Présidentielle au Cameroun : RSF fait le bilan des exactions contre la presse
Quelques jours après la réélection de Paul Biya à la tête du Cameroun, Reporters sans frontières (RSF) dresse le bilan des exactions commises contre les journalistes durant l’élection présidentielle.
La réélection officielle de Paul Biya, avec 71.28% des voix, à la tête du Cameroun pour un 7e mandat, aura été entachée de nombreuses exactions commises à l’encontre des journalistes et des médias.
Dimanche 21 octobre, plusieurs journalistes ont été interpellés par les forces de police alors qu’ils tentaient de couvrir une marche pacifique organisée par un député de l’opposition, dénonçant des fraudes qui auraient eu lieu pendant le scrutin. Lors de cette manifestation interdite par le sous-préfet, la correspondante de Reuters Josiane Kouagheu, son chauffeur, et le journaliste du quotidien Le Messager, Prince Fogue ont été arrêtés et conduits dans différents commissariats de la ville de Douala. Ils ont tous ont été libérés.

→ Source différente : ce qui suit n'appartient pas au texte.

(* Let $\Theta_0,\Theta_1$ be quantum channels from a finite-dimensional system $A$ to a finite-dimensional system $B$, and $\lambda\in[0,1]$. Suppose one receives a single use of a channel that equals $\Theta_0$ with probability $\lambda$ and $\Theta_1$ with probability $1-\lambda$, and one may prepare any state $\sigma$ on $A\otimes C$ for any finite-dimensional ancilla $C$, apply the unknown channel tensored with the identity on $C$, and then perform only an incoherent measurement on $B\otimes C$ (a POVM all of whose elements are diagonal in the incoherent product basis), guessing $i\in\{0,1\}$. The optimal probability $P_c(\lambda,\Theta_0,\Theta_1)$ of guessing $i$ correctly is $$P_c(\lambda,\Theta_0,\Theta_1)=\frac12+\frac12\max_{|\psi\rangle}\|T(|\psi\rangle\langle\psi|)\|_1,\qquad T=\Delta\big[\lambda\Theta_0-(1-\lambda)\Theta_1\big],$$ where the maximum is over pure states on $A$.
   Context: Every finite-dimensional system carries a fixed orthonormal incoherent basis; composite systems use the product basis. $\Delta(\rho)=\sum_i|i\rangle\langle i|\rho|i\rangle\langle i|$ is the total dephasing map. $\|X\|_1=\operatorname{tr}\sqrt{X^\dagger X}$ is the trace norm. *)

From HB Require Import structures.
From mathcomp Require Import all_boot all_order all_algebra.
From mathcomp Require Import complex mxtens.
From mathcomp Require Import boolp classical_sets reals.
Set Implicit Arguments. Unset Strict Implicit. Unset Printing Implicit Defensive.
Import Order.TTheory GRing.Theory Num.Theory.
Local Open Scope ring_scope.

Section QDefs.
Variable R : realType.
Local Notation C := R[i].

Definition adj {m n} (A : 'M[C]_(m, n)) : 'M[C]_(n, m) :=
  \matrix_(i, j) (A j i)^*.

(* positive semidefinite: <v, A v> is a nonnegative real for every v
   (over C this entails hermiticity; we also require it explicitly) *)
Definition psd {n} (A : 'M[C]_n) : Prop :=
  adj A = A /\ forall v : 'cV[C]_n, 0 <= (adj v *m A *m v) 0 0.

Definition is_state {n} (rho : 'M[C]_n) : Prop := psd rho /\ \tr rho = 1.

Definition unit_vec {n} (psi : 'cV[C]_n) : Prop := (adj psi *m psi) 0 0 = 1.
Definition proj {n} (psi : 'cV[C]_n) : 'M[C]_n := psi *m adj psi.

(* trace norm ||X||_1 = tr sqrt(X^dagger X), where sqrt is the
   (unique) positive semidefinite square root *)
Definition trace_norm {n} (X : 'M[C]_n) : R :=
  xget 0 [set t : R | exists S : 'M[C]_n,
           psd S /\ S *m S = adj X *m X /\ (t%:C)%C = \tr S].

Definition dephase {n} (X : 'M[C]_n) : 'M[C]_n :=
  \matrix_(i, j) ((i == j)%:R * X i j).

(* block (c,c') of a matrix on A (x) K (product index via mxtens_index) *)
Definition blk {m k} (X : 'M[C]_(m * k)) (c c' : 'I_k) : 'M[C]_m :=
  \matrix_(i, j) X (mxtens_index (i, c)) (mxtens_index (j, c')).

Definition tens_id {m n} k (Phi : 'M[C]_m -> 'M[C]_n) (X : 'M[C]_(m * k))
  : 'M[C]_(n * k) :=
  \matrix_(p, q) Phi (blk X (mxtens_unindex p).2 (mxtens_unindex q).2)
                     (mxtens_unindex p).1 (mxtens_unindex q).1.

Definition is_channel {m n} (Phi : 'M[C]_m -> 'M[C]_n) : Prop :=
  linear Phi /\
  (forall X, \tr (Phi X) = \tr X) /\
  (forall k (X : 'M[C]_(m * k)), psd X -> psd (tens_id Phi X)).

Definition incoherent_povm {n} (M0 M1 : 'M[C]_n) : Prop :=
  psd M0 /\ psd M1 /\ is_diag_mx M0 /\ is_diag_mx M1 /\ M0 + M1 = 1%:M.

Definition success {m n k} (lam : R) (T0 T1 : 'M[C]_m -> 'M[C]_n)
  (sigma : 'M[C]_(m * k)) (M0 M1 : 'M[C]_(n * k)) : R :=
  lam * complex.Re (\tr (M0 *m tens_id T0 sigma))
  + (1 - lam) * complex.Re (\tr (M1 *m tens_id T1 sigma)).

Definition Pc {m n} (lam : R) (T0 T1 : 'M[C]_m -> 'M[C]_n) : R :=
  sup [set p : R | exists k (sigma : 'M[C]_(m * k)) (M0 M1 : 'M[C]_(n * k)),
         is_state sigma /\ incoherent_povm M0 M1 /\
         p = success lam T0 T1 sigma M0 M1].

End QDefs.

From HB Require Import structures.
From mathcomp Require Import all_boot all_order all_algebra.
From mathcomp Require Import complex mxtens sesquilinear spectral.
From mathcomp Require Import boolp classical_sets reals.
From mathcomp Require Import ring lra.
Import Order.TTheory GRing.Theory Num.Theory.
Set Implicit Arguments. Unset Strict Implicit. Unset Printing Implicit Defensive.
Local Open Scope ring_scope.

(* The [b]-th diagonal entry [bias b rho] of [(lam Theta0 - (1 - lam) Theta1) rho]
   is real for [rho >= 0], so the trace norm of [T rho] is
   [sum_b |bias b rho|].  An incoherent measurement only sees the diagonal of
   the output on [B (x) C], so outcome by outcome its success probability is a
   convex combination of the two weighted likelihoods.  It is thus at most the
   sum of their maxima, [1/2 + 1/2 sum_c sum_b |bias b sigma_cc|], with
   equality for the measurement guessing the larger one.  Finally
   [rho |-> sum_b |bias b rho|] is the maximum of the finitely many linear
   functionals [Re (sum_b +-bias b rho)]; each is bounded on states by the top
   eigenvalue of the hermitian part of its matrix, attained at a pure state,
   and the best of these pure states [psi0] satisfies
   [sum_b |bias b rho| <= (sum_b |bias b psi0|) tr rho] for every [rho >= 0].
   This bounds every strategy, and the bound is attained without ancilla. *)

Lemma sup_eq_max (R : realType) (S : set R) (v : R) : S v -> ubound S v -> sup S = v.
Proof.
move=> Sv v_ub; apply/le_anti/andP; split; first by apply: ge_sup => //; exists v.
by apply: sup_upper_bound => //; split; exists v.
Qed.

Section LinearProp.
Variables (S : pzRingType) (U V : lmodType S) (f : U -> V).
Hypothesis f_lin : linear f.

Lemma linear_prop0 : f 0 = 0.
Proof.
apply: (@addrI _ (f 0)); rewrite addr0.
by have := f_lin 1 0 0; rewrite !scale1r !addr0.
Qed.

Lemma linear_propD u v : f (u + v) = f u + f v.
Proof. by have := f_lin 1 u v; rewrite !scale1r. Qed.

Lemma linear_propZ a u : f (a *: u) = a *: f u.
Proof. by have := f_lin a u 0; rewrite linear_prop0 !addr0. Qed.

End LinearProp.

Section ComplexScalars.
Variable R : realType.
Implicit Types (x y : R[i]) (r s : R).

Lemma ReD x y : complex.Re (x + y) = complex.Re x + complex.Re y.
Proof. by case: x y => a b [c d]. Qed.

Lemma ReN x : complex.Re (- x) = - complex.Re x.
Proof. by case: x. Qed.

Lemma ReB x y : complex.Re (x - y) = complex.Re x - complex.Re y.
Proof. by rewrite ReD ReN. Qed.

Lemma Re_sum (I : finType) (F : I -> R[i]) :
  complex.Re (\sum_i F i) = \sum_i complex.Re (F i).
Proof. exact: (big_morph _ ReD). Qed.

“L’arrestation de ces journalistes souligne l’atmosphère de crainte imposée par les autorités au Cameroun, déclare RSF. En les empêchant de couvrir une manifestation de l’opposition en période électorale, l’administration du président Paul Biya fait la démonstration que la presse camerounaise ne peut exercer correctement et librement son travail. Ces nouvelles atteintes à la liberté de la presse ne sont pas un présage encourageant pour la situation des journalistes et des médias sous le septième mandat du président Paul Biya.”
Ce même dimanche a également été marqué par de nombreuses perturbations sur internet. Selon un rapport du groupe Netblocks, l’accès aux sites ou applications WhatsApp et Facebook était très restreint, voire impossible selon les fournisseurs.
Un scrutin entaché de violences
Lors du scrutin du 7 octobre, de nombreux journalistes n’avaient pas pu couvrir l’appel aux urnes. Plusieurs bureaux de vote exigeaient une accréditation spécifique délivrée par le ministère de la Communication pour couvrir l’élection. Ce fut notamment le cas du bureau de vote de l’école publique de Bastos où sont allés voter le président Paul Biya et des membres de son gouvernement. Le préfet de la région de Biafra a également renvoyé de nombreux journalistes des bureaux de vote. Cette accréditation était également nécessaire pour assister au contentieux post-électoral et à la proclamation des résultats donné par le Conseil constitutionnel. D’après les informations obtenues par RSF, une journaliste de La Voix du Centre, Yelva Eyono, a également été détenue pendant plusieurs heures par les forces de police de Yaoundé.
C’est surtout dans les régions anglophones que les atteintes à la liberté de la presse ont été nombreuses. Dans la région Sud-Ouest, à Buea, une voiture appartenant au journal Cameroon Tribune a été attaquée par des sécessionnistes voulant perturber le scrutin. D’après le Syndicat national des journalistes camerounais (SNJC), des journalistes travaillant pour Mutations, Le Messager ou La Nouvelle expression ont également été menacés par des autorités de l’administration, leur reprochant de favoriser l’opposition dans la rédaction de leurs articles.
Sous les six précédents mandats de Paul Biya, les autorités ont fait peser de réelles menaces sur les journalistes et les médias. En mars dernier, un journaliste avait été violemment agressé et humilié par le service de sécurité du ministre des Transports.
Le Cameroun occupe la 129ème place du Classement mondial de la liberté de la presse établi par Reporters sans frontières en 2018.